New Guidance for Promoting Global Drug Development —Basic Principles for Conducting Phase I Trials in the Japanese Population Prior to Global Clinical Trials—

Japan's participation in global clinical trials has been steadily increasing. The ways of cooperation between Japan and foreign countries have also diversified. In the current situation of drug development, when considering whether or not Japan should participate in a global clinical trial, there are in fact many cases in which human data in a foreign population has already been obtained to some extent in drug developments lead by foreign countries. There may be cases where Japanese phase I trials are not necessarily required prior to Japan's participation in global clinical trials if safety in the Japanese population that will be included in the global clinical trial is ensured by foreign data. Based on the accumulated knowledge up to now, the “Basic Principles for Conducting Phase I Trials in the Japanese Population Prior to Global Clinical Trials” has been issued. This paper explains the necessity of phase I trials in Japanese population prior to global clinical trials, including the background of the new guidance issued and some points to consider.
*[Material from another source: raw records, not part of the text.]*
Definition sum_set (A B : finType) (S1 : {set A}) (S2 : {set B}) : {set A + B} :=
  inl @: S1 :|: inr @: S2.

Lemma sum_set_subset (A B : finType) (S1 S1' : {set A}) (S2 S2' : {set B}) :
  sum_set S1 S2 \subset sum_set S1' S2' -> S1 \subset S1' /\ S2 \subset S2'.
Proof.
move/subsetP=> sub; split; apply/subsetP => x Sx.
  have /sub : inl x \in sum_set S1 S2 by rewrite inE imset_f.
  by rewrite inE => /orP[/imsetP[y Sy [->]] | /imsetP[]].
have /sub : inr x \in sum_set S1 S2 by rewrite inE orbC imset_f.
by rewrite inE => /orP[/imsetP[] | /imsetP[y Sy [->]]].
Qed.

Section SumDecomposition.
Variables (X A B : finType) (P : pred X).

Definition decomposes (f : X -> A + B) (f1 : {x | P x} -> A) (f2 : {x | ~~ P x} -> B) :=
  (forall y, f (val y) = inl (f1 y)) /\ (forall y, f (val y) = inr (f2 y)).

Lemma join_exists (f1 : {x | P x} -> A) (f2 : {x | ~~ P x} -> B) :
  exists f, decomposes f f1 f2.
Proof.
have /fin_all_exists [f Hf] : forall x, exists z : A + B,
    (forall h : P x, z = inl (f1 (exist _ x h))) /\
    (forall h : ~~ P x, z = inr (f2 (exist _ x h))).
  move=> x; case/orP: (orbN (P x)) => h.
    exists (inl (f1 (exist _ x h))); split=> h'; last by case/negP: h'.
    by rewrite (bool_irrelevance h' h).
  exists (inr (f2 (exist _ x h))); split=> h'; first by case/negP: h.
  by rewrite (bool_irrelevance h' h).
by exists f; split=> -[x h]; [exact: (Hf x).1 h | exact: (Hf x).2 h].
Qed.

Lemma split_exists (f : X -> A + B) :
  (forall x, P x -> exists a, f x = inl a) -> (forall x, ~~ P x -> exists b, f x = inr b) ->
  exists f1 f2, decomposes f f1 f2.
Proof.
move=> fl fr.
have /fin_all_exists [f1 H1] : forall y : {x | P x}, exists a, f (val y) = inl a.
  by case=> x h; exact: fl.
have /fin_all_exists [f2 H2] : forall y : {x | ~~ P x}, exists b, f (val y) = inr b.
  by case=> x h; exact: fr.
by exists f1, f2.
Qed.

Variables (f : X -> A + B) (f1 : {x | P x} -> A) (f2 : {x | ~~ P x} -> B).
Hypothesis f_dec : decomposes f f1 f2.

Lemma decomposes_cases x :
  (exists2 y, val y = x & f x = inl (f1 y)) \/ (exists2 y, val y = x & f x = inr (f2 y)).
Proof.
case: f_dec => D1 D2; case/orP: (orbN (P x)) => h; [left | right];
  exists (exist _ x h) => //; [exact: D1 (exist _ x h) | exact: D2 (exist _ x h)].
Qed.

Lemma decomposes_injective : injective f <-> injective f1 /\ injective f2.
Proof.
case: f_dec => D1 D2; split=> [f_inj | [i1 i2] x x'].
  by split=> y y' e; apply/val_inj/f_inj; rewrite ?D1 ?D2 e.
case: (decomposes_cases x) => -[y <- ->]; case: (decomposes_cases x') => -[y' <- ->] //.
  by case=> /i1 ->.
by case=> /i2 ->.
Qed.

Lemma decomposes_image : f @: setT = sum_set (f1 @: setT) (f2 @: setT).
Proof.
case: f_dec => D1 D2.
apply/setP => z; apply/imsetP/setUP => [[x _ ->] | [] /imsetP[c /imsetP[y _ ->] ->]].
- by case: (decomposes_cases x) => -[y _ ->]; [left | right]; rewrite !imset_f.
- by exists (val y); rewrite ?D1.
- by exists (val y); rewrite ?D2.
Qed.

End SumDecomposition.

(* A copy S1 of A1 is coloured by the colouring S2 |-> c (S1 + S2). *)
Section ProductRamsey.
Variables (L1 L2 L : lang) (A1 B1 C1 : finstr L1) (A2 B2 C2 : finstr L2) (A B : finstr L).
Variables (IC : interp L (fcar C1 + fcar C2)) (k : nat).
Local Notation C := (@FinStr L _ IC).

Hypothesis copyA_split : forall S, @copy L C A S ->
  exists S1 S2, [/\ S = sum_set S1 S2, copy A1 S1 & copy A2 S2].
Hypothesis copyB_join : forall S1 S2, copy B1 S1 -> copy B2 S2 -> @copy L C B (sum_set S1 S2).

Lemma arrows_sum :
  arrows C1 B1 A1 #|{ffun {set fcar C2} -> 'I_k}| -> arrows C2 B2 A2 k -> arrows C B A k.
Proof.
move=> arr1 arr2 c.
pose g S1 : {ffun {set fcar C2} -> 'I_k} := [ffun S2 => c (sum_set S1 S2)].
have [S1' [cB1 H1]] := arr1 (fun S1 => enum_rank (g S1)).
have g_const (Sa1 Sb1 : {set fcar C1}) (S2 : {set fcar C2}) :
    Sa1 \subset S1' -> Sb1 \subset S1' -> copy A1 Sa1 -> copy A1 Sb1 ->
    c (sum_set Sa1 S2) = c (sum_set Sb1 S2).
  move=> sa sb ca cb; have /enum_rank_inj gab := H1 _ _ sa sb ca cb.
  by have := congr1 (fun h : {ffun {set fcar C2} -> 'I_k} => h S2) gab; rewrite !ffunE.
have split_inside (S2' : {set fcar C2}) (Sa : {set fcar C}) :
    Sa \subset sum_set S1' S2' -> @copy L C A Sa ->
    exists Sa1 Sa2, [/\ Sa = sum_set Sa1 Sa2, Sa1 \subset S1', Sa2 \subset S2',
      copy A1 Sa1 & copy A2 Sa2].
  move=> sa /copyA_split [Sa1 [Sa2 [Sa_eq ca1 ca2]]]; rewrite Sa_eq in sa.
  by have [sa1 sa2] := sum_set_subset sa; exists Sa1, Sa2.
(* If some copy S0 of A1 lies in S1', every copy of A in S1' + S2' gets the
   colour c (S0 + S2) of its top part S2; otherwise there are no such copies. *)
case: (classic (exists S0 : {set fcar C1}, S0 \subset S1' /\ copy A1 S0))
  => [[S0 [sS0 cS0]] | noA1].
  have [S2' [cB2 H2]] := arr2 (fun S2 => c (sum_set S0 S2)).
  exists (sum_set S1' S2'); split; first exact: copyB_join.
  move=> Sa Sb /split_inside sa /split_inside sb /sa[Sa1 [Sa2 [-> sa1 sa2 ca1 ca2]]].
  case/sb=> Sb1 [Sb2 [-> sb1 sb2 cb1 cb2]].
  rewrite (g_const _ _ _ sa1 sS0 ca1 cS0) (g_const _ _ _ sb1 sS0 cb1 cS0).
  exact: H2.
have [S2' [cB2 _]] := arr2 (fun S2 => c (sum_set set0 S2)).
exists (sum_set S1' S2'); split; first exact: copyB_join.
move=> Sa Sb /split_inside sa _ /sa[Sa1 [Sa2 [_ sa1 _ ca1 _]]].
by case: noA1; exists Sa1.
Qed.

End ProductRamsey.

Section Layers.
Variables (L : lang) (lt : sym L) (T : Type) (I : interp L T) (n : nat).
Hypothesis lt_binary : ar lt = 2.
Local Notation Ln := (ext_lang L n).
Local Notation J := (In_interp lt n I).

Definition same_layer (X : Type) (u v : X -> 'I_n * T) : Prop :=
  forall x, (u x).1 = (v x).1.

Definition same_within_layers (X : Type) (u v : X -> 'I_n * T) : Prop :=
  forall (s : sym L) (xs : seq X), size xs = ar s -> same_copy (map u xs) ->
    (I s (map (snd \o u) xs) <-> I s (map (snd \o v) xs)).

Lemma same_copy_layer (X : Type) (u v : X -> 'I_n * T) (xs : seq X) :
  same_layer u v -> same_copy (map u xs) = same_copy (map v xs).
Proof.
by move=> uv; case: xs => //= x xs; rewrite !all_map; apply: eq_all => y /=; rewrite !uv.
Qed.

(* The unary predicates P_i see the copy of each point. *)
Lemma same_pullback_layer (X : Type) (u v : X -> 'I_n * T) :
  same_pullback J u v -> same_layer u v.
Proof. by move=> uv x; have /= [/(_ erefl) ->] := uv (inr (u x).1) [:: x] erefl. Qed.

(* The structure induced from I_n[T]^* is determined by the copies of the
   points and the L-structure inside each copy; this uses that < is binary,
   since between different copies < is read off the copy indices alone. *)
Lemma same_pullbackP (X : Type) (u v : X -> 'I_n * T) :
  same_pullback J u v <-> same_layer u v /\ same_within_layers u v.
Proof.
split=> [uv | [uv_layer uv_within] [R | i] xs Hs /=]; last first.
- by case: xs Hs => [|a [|b l]] //= _; rewrite uv_layer.
- rewrite -!map_comp; case: eqP => [eR | _]; last first.
    rewrite (same_copy_layer xs uv_layer).
    by split=> -[sc Rxs]; split=> //; apply/(uv_within R xs Hs);
      rewrite ?(same_copy_layer xs uv_layer).
  subst R; rewrite /= lt_binary in Hs; case: xs Hs => [|a [|b [|c l]]] //= _.
  rewrite -!uv_layer; case: (ltngtP (u a).1 (u b).1) => ab.
  + by split=> _; left.
  + by split=> -[// | [e _]]; move: ab; rewrite e ltnn.
  have sc : same_copy [seq u x | x <- [:: a; b]].
    by rewrite /= andbT eq_sym; apply/eqP/val_inj.
  have /= ab_lt := uv_within lt [:: a; b] (esym lt_binary) sc.
  by split=> -[// | [e ltab]]; right; split=> //; apply/ab_lt.
have uv_layer := same_pullback_layer uv.
split=> // s xs Hs sc; have := uv (inl s) xs Hs; rewrite /= -!map_comp.
case: eqP => [e | _]; last first.
  rewrite -(same_copy_layer xs uv_layer) sc.
  by move=> uv_s; split=> Is;
    [case: (uv_s.1 (conj erefl Is)) | case: (uv_s.2 (conj erefl Is))].
subst s; rewrite lt_binary in Hs; case: xs Hs sc => [|a [|b [|c l]]] //= _.
rewrite andbT -!uv_layer => /eqP ->; rewrite ltnn => uv_lt.
by split=> Is; [case: (uv_lt.1 (or_intror (conj erefl Is)))
              | case: (uv_lt.2 (or_intror (conj erefl Is)))] => // -[].
Qed.

Lemma same_copy_cons (X : Type) (u : X -> 'I_n * T) (x0 : X) (xs : seq X) :
  same_copy (map u (x0 :: xs)) = all (fun x => (u x).1 == (u x0).1) (x0 :: xs).
Proof. by rewrite /= all_map eqxx. Qed.

Lemma same_copy_all (X : Type) (u : X -> 'I_n * T) (i : 'I_n) (xs : seq X) :
  all (fun x => (u x).1 == i) xs -> same_copy (map u xs).
Proof.
case: xs => //= x0 xs /andP[/eqP u0 ux]; rewrite all_map.
by apply: sub_all ux => y /=; rewrite u0.
Qed.

Section Glue.
Variable j : 'I_n.

Definition lower_part (X : finstr Ln) (eX : fcar X -> 'I_n * T) : finstr Ln :=
  @FinStr Ln {x : fcar X | (eX x).1 < j} (fun s xs => J s (map (eX \o val) xs)).
Section DiagonalRecursion.
Variables (R : realType) (n p : nat) (lam : 'rV[R]_n) (W : 'M[R]_n)
  (C : 'M[R]_(p, n)) (Sig0 : 'M[R]_n).
Hypotheses (diagW : is_diag_mx W) (psdW : psd W) (psdSig0 : psd Sig0).

Local Notation P k := (kalman_cov (diag_mx lam) W C 0 Sig0 k).

Let psdP k : psd (P k). Proof. exact: kalman_cov_psd. Qed.

Lemma kalman_cov_diagS k i :
  P k.+1 i i = lam 0 i ^+ 2 * kalman_update C (P k) i i + W i i.
Proof.
rewrite kalman_covS kalman_step_update mxE tr_diag_mx mul_mx_diag mul_diag_mx !mxE.
by rewrite mulrC mulrA -expr2.
Qed.

Lemma kalman_cov_ge_noise k i : W i i <= P k.+1 i i.
Proof.
rewrite kalman_cov_diagS lerDr mulr_ge0 ?sqr_ge0 // -qform_delta.
by case: (kalman_update_psd C (psdP k)) => _; apply.
Qed.

Lemma kalman_cov_le_step k i : P k.+1 i i <= lam 0 i ^+ 2 * P k i i + W i i.
Proof.
rewrite kalman_cov_diagS lerD2r ler_wpM2l ?sqr_ge0 // -!qform_delta.
exact: kalman_update_le.
Qed.

Lemma kalman_cov_observed k i :
  ((delta_mx 0 i : 'rV_n) <= C)%MS -> P k.+1 i i = W i i.
Proof.
move=> /submxP [u eiE]; rewrite kalman_cov_diagS -[kalman_update _ _ i i]qform_delta.
rewrite eiE -qform_congr kalman_update_annihilated.
by rewrite /qform mulmx0 mul0mx mxE mulr0 add0r.
Qed.

Lemma kalman_cov_unobserved i : col i C = 0 -> forall k (z : 'rV_n),
  series (geometric (W i i) (lam 0 i ^+ 2)) k * z 0 i ^+ 2 <= qform (P k) z.
Proof.
move=> Ci0; elim=> [|k IHk] z.
  by rewrite seriesEord /= big_ord0 mul0r; case: psdSig0 => _; apply.
have seriesSl : series (geometric (W i i) (lam 0 i ^+ 2)) k.+1
    = lam 0 i ^+ 2 * series (geometric (W i i) (lam 0 i ^+ 2)) k + W i i.
  rewrite !seriesEord /= big_ord_recl /= expr0 mulr1 addrC mulr_sumr.
  by congr (_ + _); apply: eq_bigr => j _; rewrite /bump leq0n add1n exprS mulrCA.
have zlamE : (z *m diag_mx lam) 0 i = lam 0 i * z 0 i.
  by rewrite mul_mx_diag mxE mulrC.
rewrite kalman_covS kalman_step_update qformD qform_congr seriesSl mulrDl.
apply: lerD; last exact: qform_diag_ge.
rewrite [_ * series _ _]mulrC -mulrA -exprMn -zlamE.
exact: kalman_update_unobserved.
Qed.

End DiagonalRecursion.

Section StationaryCovariance.
Variables (R : realType) (n p : nat) (lam : 'rV[R]_n) (W : 'M[R]_n)
  (C : 'M[R]_(p, n)) (Sig0 Sig : 'M[R]_n).
Hypotheses (diagW : is_diag_mx W) (psdW : psd W) (psdSig0 : psd Sig0).
Hypothesis cvgSig : forall i j : 'I_n,
  (fun k => kalman_cov (diag_mx lam) W C 0 Sig0 k i j) @ \oo --> Sig i j.

Local Notation P k := (kalman_cov (diag_mx lam) W C 0 Sig0 k).
(* Let $k\ge r\ge3$ and $m,m'\ge 0$ be integers, and let $\pi\in\mathbb{C}_{=}(k,r|m)$. Then $\pi\in\mathbb{C}_{<}(k,r|m')$ if and only if $m<m'$.
   Context: A partition $\pi=(\pi_1,\dots,\pi_\ell)$ is a finite non-increasing sequence of positive integers; ''$a$ occurs in $\pi$'' means $a=\pi_i$ for some $i$. Göllnitz–Gordon marking: $GG(\pi)$ assigns a positive integer (mark) to each part, processing the parts from smallest to largest; $\pi_i$ receives the smallest positive integer different from the marks of all parts $\pi_g$ with $g>i$ and $\pi_i-\pi_g\le 2$, where $\pi_i-\pi_g<2$ is required when $\pi_i$ is odd. An ''$r$-marked part $a$'' is a part equal to $a$ with mark $r$. $N_i(\pi)$ is the number of parts with mark $i$; $\pi^{(i)}_1\ge\dots\ge\pi^{(i)}_{N_i(\pi)}$ are the parts with mark $i$, with $\pi^{(i)}_0=+\infty$, $\pi^{(i)}_{N_i(\pi)+1}=-\infty$. $\mathbb{C}(k,r)$: partitions with (i) no odd part repeated; (ii) $\pi_i\ge\pi_{i+k-1}+2$ for $1\le i\le\ell-k+1$, strict if $\pi_i$ even; (iii) at most $r-1$ parts $\le 2$. Starting types: for $\pi\in\mathbb{C}(k,r)$ with $N_2=N_2(\pi)\ge1$, let $l$ be the largest integer in $\{0,\dots,N_2\}$ such that no odd part of $\pi$ is $\ge\pi^{(2)}_l$; for $l<i\le N_2$, $\pi^{(2)}_i$ has type $s_{-1}$. For $b=1,\dots,l$ in increasing order, type and auxiliary $\sigma_b$: for $b=1$: Case 1: 1-marked part $\pi^{(2)}_1-1$ exists and $\pi^{(2)}_1+2$ does not occur: type $s_0$, $\sigma_1=\pi^{(2)}_1-1$; Case 2: 1-marked $\pi^{(2)}_1-2$ exists and $\pi^{(2)}_1+2$ does not occur: type $s_1$, $\sigma_1=\pi^{(2)}_1-2$; Case 3: 1-marked $\pi^{(2)}_1+2$ exists: type $s_2$, $\sigma_1=\pi^{(2)}_1+2$; Case 4: 1-marked $\pi^{(2)}_1$ exists: type $s_3$, $\sigma_1=\pi^{(2)}_1$. For $2\le b\le l$: Case 1: 1-marked $\pi^{(2)}_b-1$ exists and, if a 1-marked $\pi^{(2)}_b+2$ exists, $\sigma_{b-1}=\pi^{(2)}_b+2$: type $s_0$, $\sigma_b=\pi^{(2)}_b-1$; Case 2: same with $\pi^{(2)}_b-2$: type $s_1$, $\sigma_b=\pi^{(2)}_b-2$; Case 3: 1-marked $\pi^{(2)}_b+2$ exists and $\sigma_{b-1}\ne\pi^{(2)}_b+2$: type $s_2$, $\sigma_b=\pi^{(2)}_b+2$; Case 4: 1-marked $\pi^{(2)}_b$ exists: type $s_3$, $\sigma_b=\pi^{(2)}_b$. $\mathbb{C}_{<}(k,r|p,t)$ (for $p,t\ge0$): the set of $\pi\in\mathbb{C}(k,r)$ such that (1) no odd part is $\ge 2t+1$; (2) $\pi^{(2)}_{p+1}<2t+1<\pi^{(2)}_p$ (in particular $p\le N_2(\pi)$); (3) if $\pi^{(2)}_p=2t+2$ then it is of starting type $s_2$ or $s_3$; (4) if $\pi^{(2)}_{p+1}=2t$ then it is of starting type $s_0$ or $s_1$. $\mathbb{C}_{=}(k,r|p,t)$ (for $p,t\ge0$): the set of $\pi\in\mathbb{C}(k,r)$ such that (1) the largest odd part is $2t+1$; (2) the mark of $2t+1$ in $GG(\pi)$ is at most $2$; (3) $\pi^{(2)}_p\ge 2t+2$ and $\pi^{(2)}_{p+1}\le 2t+2$; (4) if there is a 2-marked part $2t+2$ of starting type $s_0$, then $\pi^{(2)}_{p+1}=2t+2$ and there exists $1\le i\le p+1$ with $\pi^{(2)}_i=\pi^{(2)}_{p+1}+4(p-i+1)$ and $\pi^{(2)}_i$ occurring exactly once in $\pi$; (5) if there is a 2-marked part $2t+2$ of starting type $s_2$, then $\pi^{(2)}_p=2t+2$; (6) if $2t+2$ occurs in $\pi$ and there is no 2-marked part $2t+2$, then $\pi^{(2)}_p=2t+4$, it is of starting type $s_3$, and there exists $1\le i\le p$ with $\pi^{(2)}_i=\pi^{(2)}_p+4(p-i)$ such that $\pi^{(2)}_i+2$ does not occur in $\pi$. For $m\ge0$: $\mathbb{C}_{<}(k,r|m)=\bigcup_{p+t=m}\mathbb{C}_{<}(k,r|p,t)$ and $\mathbb{C}_{=}(k,r|m)=\bigcup_{p+t=m}\mathbb{C}_{=}(k,r|p,t)$, unions over integers $p,t\ge0$. *)

(* Partitions are non-increasing seq nat with
   positive parts; list position 0 corresponds to pi_1. *)
From mathcomp Require Import all_boot.
Set Implicit Arguments. Unset Strict Implicit. Unset Printing Implicit Defensive.

Definition is_partition (s : seq nat) : bool :=
  sorted geq s && all (fun x => 0 < x) s.

Definition mex1 (l : seq nat) : nat :=
  head 0 [seq j <- iota 1 (size l).+1 | j \notin l].

(* GG-condition: part y (with larger index) is within reach of part x *)
Definition gg_near (x y : nat) : bool :=
  if odd x then x - y < 2 else x - y <= 2.

(* Goellnitz-Gordon marking: gg s is the list of marks, aligned with s.
   Marks are assigned from the smallest (last) part to the largest. *)
Fixpoint gg (s : seq nat) : seq nat :=
  match s with
  | [::] => [::]
  | x :: s' =>
      let ms := gg s' in
      mex1 [seq pm.2 | pm <- zip s' ms & gg_near x pm.1] :: ms
  end.

Definition marked_parts (i : nat) (s : seq nat) : seq nat :=
  [seq pm.1 | pm <- zip s (gg s) & pm.2 == i].

Definition N_ (i : nat) (s : seq nat) : nat := size (marked_parts i s).

(* extended naturals for pi^(i)_0 = +oo and pi^(i)_{N_i+1} = -oo *)
Inductive ext := MInf | Fin of nat | PInf.

Definition ext_lt (a b : ext) : bool :=
  match a, b with
  | MInf, MInf => false
  | MInf, _ => true
  | Fin x, Fin y => x < y
  | Fin _, PInf => true
  | Fin _, MInf => false
  | PInf, _ => false
  end.

Definition ext_le (a b : ext) : bool :=
  match a, b with
  | MInf, _ => true
  | Fin x, Fin y => x <= y
  | Fin _, PInf => true
  | Fin _, MInf => false
  | PInf, PInf => true
  | PInf, _ => false
  end.

Definition ext_eqn (a : ext) (n : nat) : bool :=
  if a is Fin x then x == n else false.

(* pi^(i)_j (1-based j); indices beyond N_i + 1 are never used meaningfully
   (the statements below require p <= N_2 explicitly) and are set to -oo. *)
Definition mp (i : nat) (s : seq nat) (j : nat) : ext :=
  if j == 0 then PInf
  else if j <= N_ i s then Fin (nth 0 (marked_parts i s) j.-1)
  else MInf.

(* the finite value of pi^(2)_b for 1 <= b <= N_2 *)
Definition p2 (s : seq nat) (b : nat) : nat := nth 0 (marked_parts 2 s) b.-1.

Definition occurs (s : seq nat) (a : nat) : bool := a \in s.
(* Consider any instance of the rescheduling problem $(1, h_1 \mid \Delta_{\max}\le k \mid \mu\Delta_{\max} + \sum_{j=1}^n w_j C_j)$ described in the context, and suppose it admits at least one feasible schedule. Then there exists an optimal schedule $\sigma^*$ such that: (a) $C_j(\sigma^* )\le C_j(\pi^* )$ for each job $J_j$ in the earlier schedule; (b) the earlier schedule contains at most one idle period; (c) each job in the earlier schedule that is processed after the idle period is processed exactly $\Delta_{\max}(\sigma^* )$ time units earlier than in $\pi^*$, i.e. $C_j(\pi^* )-C_j(\sigma^* )=\Delta_{\max}(\sigma^* )$; (d) the jobs in the earlier schedule processed after the idle period have consecutive indices $J_i,J_{i+1},\dots,J_{i+m}$; (e) the job $J_j$ of the earlier schedule processed immediately after the idle period satisfies $S_j(\pi^* )\ge T_2$; (f) the machine does not idle in the later schedule; (g) the first job in the later schedule has the maximum time deviation $\Delta_j$ among all jobs in the later schedule.
   Context: An instance consists of $n$ jobs $J_1,\dots,J_n$, where $J_j$ has a positive integer processing time $p_j$ and a positive integer weight $w_j$, indexed in WSPT order $p_1/w_1\le\cdots\le p_n/w_n$; integers $T_1,T_2$ with $0\le T_1<T_2$ (machine unavailable during $[T_1,T_2]$); an integer $k$; a rational $\mu\ge 0$. The original schedule $\pi^*$ processes $J_1,\dots,J_n$ in order consecutively from time $0$ without idle time, so $S_j(\pi^* )=\sum_{i<j}p_i$, $C_j(\pi^* )=\sum_{i\le j}p_i$. A schedule $\sigma$ assigns start times $S_j(\sigma)\ge0$, non-preemptive single-machine processing with $C_j(\sigma)=S_j(\sigma)+p_j$, no overlaps, and each job has $C_j(\sigma)\le T_1$ or $S_j(\sigma)\ge T_2$. $\Delta_j=|C_j(\sigma)-C_j(\pi^* )|$, $\Delta_{\max}=\max_j\Delta_j$. Feasible means $\Delta_{\max}\le k$; optimal means feasible and minimizing $\mu\Delta_{\max}+\sum_j w_jC_j(\sigma)$. The earlier schedule consists of jobs with $C_j(\sigma)\le T_1$; the later schedule of jobs completed after $T_2$. An idle period of the earlier schedule is a maximal time interval of positive length, contained in $[0,c]$ where $c$ is the largest completion time of an earlier-schedule job, during which no job is processed. The machine idles in the later schedule if some time interval of positive length within $[T_2,c']$, where $c'$ is the largest completion time of a later-schedule job, contains no processing. Standing assumptions: some job has $C_j(\pi^* )>T_1$; with $j_1$ the smallest such index, $p_{\min}\le T_1<P$ and $T_2-S_{j_1}(\pi^* )\le k$, where $p_{\min}=\min_jp_j$, $P=\sum_jp_j$. *)

From mathcomp Require Import all_boot all_order all_algebra.
From mathcomp Require Import reals.
Set Implicit Arguments. Unset Strict Implicit. Unset Printing Implicit Defensive.
Import Order.TTheory GRing.Theory Num.Theory.
Local Open Scope ring_scope.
Implications of Variations in Dosages Recommended in Pediatric Practice Guidelines and Approved Pediatric Product Labels and Associated Problems in Pediatric Drug Development

The efficacy and safety of pharmacotherapeutic agents are critical as they can spell the difference between wellness, debility, and even death. Some of the essential points to consider include how much and how often a drug is prescribed, what consequences there will be if over or under prescribed, and how it will impact on the underlying medical condition. These issues pertain not only to adult medicine, but also to pediatric medicine. At present, pediatric practice guidelines and approved pediatric product labels often vary widely, especially in Japan, in terms of dosage and administrations, and in some cases, indications. The standard drugs used worldwide for pulmonary tuberculosis in children include isoniazid, rifampicin, pyrazinamide streptomycin, and ethambutol. However, package inserts for rifampicin, pyrazinamide, and ethambutol do not provide the appropriate information for Japanese pediatric dosages. Globally and domestically, while essential drugs such as these have been used off-label successfully, it is critical to ensure they are safe and beneficial when used in children. Hence, there is a need to accommodate both the need for extemporaneous drug information and to overcome the lack of data and clinical experiences with them. In this study, we demonstrated evidence of such discrepancies and highlighted the importance of having identical information on dosing, administration, and drug indication in both products labels and practice guidelines, especially those that comply with the regulations of the Pharmaceutical Affairs Law.